[Stored data]
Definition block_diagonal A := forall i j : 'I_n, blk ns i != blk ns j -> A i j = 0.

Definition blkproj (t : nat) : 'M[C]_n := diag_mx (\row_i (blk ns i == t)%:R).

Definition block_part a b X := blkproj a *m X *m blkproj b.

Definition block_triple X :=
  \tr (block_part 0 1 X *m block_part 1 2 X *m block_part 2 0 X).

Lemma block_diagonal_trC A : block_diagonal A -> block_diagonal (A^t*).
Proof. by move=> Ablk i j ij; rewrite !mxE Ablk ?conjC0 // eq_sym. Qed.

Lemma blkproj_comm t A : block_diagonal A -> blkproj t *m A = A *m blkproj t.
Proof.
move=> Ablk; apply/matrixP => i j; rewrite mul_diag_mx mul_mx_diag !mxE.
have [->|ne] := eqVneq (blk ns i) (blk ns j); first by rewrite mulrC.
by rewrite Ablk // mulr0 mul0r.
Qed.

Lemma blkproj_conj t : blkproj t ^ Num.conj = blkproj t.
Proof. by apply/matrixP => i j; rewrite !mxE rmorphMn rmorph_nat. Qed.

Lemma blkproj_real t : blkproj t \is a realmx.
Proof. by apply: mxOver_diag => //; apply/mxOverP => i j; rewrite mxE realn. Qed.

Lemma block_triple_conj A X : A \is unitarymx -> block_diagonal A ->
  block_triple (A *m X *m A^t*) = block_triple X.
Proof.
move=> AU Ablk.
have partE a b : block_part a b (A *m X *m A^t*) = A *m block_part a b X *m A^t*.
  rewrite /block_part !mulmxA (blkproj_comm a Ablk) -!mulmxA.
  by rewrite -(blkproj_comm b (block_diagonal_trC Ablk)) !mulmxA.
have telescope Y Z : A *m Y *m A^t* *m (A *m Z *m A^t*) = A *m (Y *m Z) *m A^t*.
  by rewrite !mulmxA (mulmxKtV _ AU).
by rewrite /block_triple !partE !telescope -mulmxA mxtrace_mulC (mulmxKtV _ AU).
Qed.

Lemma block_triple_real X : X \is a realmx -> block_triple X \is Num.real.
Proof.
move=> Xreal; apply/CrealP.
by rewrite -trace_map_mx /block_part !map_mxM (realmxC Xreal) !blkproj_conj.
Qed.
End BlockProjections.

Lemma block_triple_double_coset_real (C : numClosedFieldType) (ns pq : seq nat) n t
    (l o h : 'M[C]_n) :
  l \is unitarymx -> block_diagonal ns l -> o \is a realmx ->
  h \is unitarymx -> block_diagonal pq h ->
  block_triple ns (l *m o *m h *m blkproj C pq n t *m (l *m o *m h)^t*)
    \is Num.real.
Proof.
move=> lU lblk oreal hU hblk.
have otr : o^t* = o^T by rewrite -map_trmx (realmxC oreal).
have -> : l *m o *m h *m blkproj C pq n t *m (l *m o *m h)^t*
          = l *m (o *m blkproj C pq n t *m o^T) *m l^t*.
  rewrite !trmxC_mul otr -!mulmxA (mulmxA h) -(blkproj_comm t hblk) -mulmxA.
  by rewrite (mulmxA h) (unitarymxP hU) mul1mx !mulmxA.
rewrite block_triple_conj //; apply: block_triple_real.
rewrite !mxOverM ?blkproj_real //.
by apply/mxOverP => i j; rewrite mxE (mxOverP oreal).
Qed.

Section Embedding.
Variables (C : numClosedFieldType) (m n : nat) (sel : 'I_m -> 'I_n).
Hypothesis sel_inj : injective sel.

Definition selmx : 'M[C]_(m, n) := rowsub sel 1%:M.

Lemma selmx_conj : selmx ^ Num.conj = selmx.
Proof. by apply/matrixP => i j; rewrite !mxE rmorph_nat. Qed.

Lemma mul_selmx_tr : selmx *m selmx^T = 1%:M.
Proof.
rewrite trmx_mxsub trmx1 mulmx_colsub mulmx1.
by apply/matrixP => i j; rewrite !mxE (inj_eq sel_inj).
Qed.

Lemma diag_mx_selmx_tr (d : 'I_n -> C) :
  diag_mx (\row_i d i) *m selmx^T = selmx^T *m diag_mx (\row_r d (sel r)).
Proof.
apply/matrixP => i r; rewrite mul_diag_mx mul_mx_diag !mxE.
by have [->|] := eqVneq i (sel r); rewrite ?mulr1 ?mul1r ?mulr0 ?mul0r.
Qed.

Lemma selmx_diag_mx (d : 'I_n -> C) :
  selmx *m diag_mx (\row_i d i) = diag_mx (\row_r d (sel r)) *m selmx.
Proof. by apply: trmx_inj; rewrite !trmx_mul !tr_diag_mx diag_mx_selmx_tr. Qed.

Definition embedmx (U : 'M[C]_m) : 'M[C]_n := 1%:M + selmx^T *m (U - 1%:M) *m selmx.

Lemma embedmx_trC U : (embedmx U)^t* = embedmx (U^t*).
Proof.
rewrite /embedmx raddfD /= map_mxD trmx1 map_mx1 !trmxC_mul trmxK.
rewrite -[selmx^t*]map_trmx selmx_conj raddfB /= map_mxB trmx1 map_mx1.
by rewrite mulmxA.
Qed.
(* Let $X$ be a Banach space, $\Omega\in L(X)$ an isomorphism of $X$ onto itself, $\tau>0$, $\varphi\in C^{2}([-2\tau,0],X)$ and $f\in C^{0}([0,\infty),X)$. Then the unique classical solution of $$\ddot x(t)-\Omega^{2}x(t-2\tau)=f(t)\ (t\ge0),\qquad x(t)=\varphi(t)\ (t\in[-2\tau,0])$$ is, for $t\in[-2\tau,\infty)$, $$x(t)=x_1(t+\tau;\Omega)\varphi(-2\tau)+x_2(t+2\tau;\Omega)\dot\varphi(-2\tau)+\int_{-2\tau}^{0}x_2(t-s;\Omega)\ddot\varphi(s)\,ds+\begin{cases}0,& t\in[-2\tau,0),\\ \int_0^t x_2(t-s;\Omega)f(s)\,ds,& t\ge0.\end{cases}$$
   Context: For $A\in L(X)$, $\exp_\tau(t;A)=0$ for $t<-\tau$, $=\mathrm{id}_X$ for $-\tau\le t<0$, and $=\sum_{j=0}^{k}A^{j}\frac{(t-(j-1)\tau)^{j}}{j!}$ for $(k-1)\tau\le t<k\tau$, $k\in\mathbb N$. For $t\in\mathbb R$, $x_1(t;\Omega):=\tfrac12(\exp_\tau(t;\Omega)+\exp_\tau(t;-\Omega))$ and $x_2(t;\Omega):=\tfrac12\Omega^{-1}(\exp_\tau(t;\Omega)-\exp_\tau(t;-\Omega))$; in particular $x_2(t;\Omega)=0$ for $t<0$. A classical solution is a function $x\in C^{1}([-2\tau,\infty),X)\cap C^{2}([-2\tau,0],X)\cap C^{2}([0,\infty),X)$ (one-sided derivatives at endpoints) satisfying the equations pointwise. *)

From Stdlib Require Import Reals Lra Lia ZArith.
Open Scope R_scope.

Task item:
In these entries, some lines may contain the string "oreal". Give the number of such lines and nothing more.

Task output:
3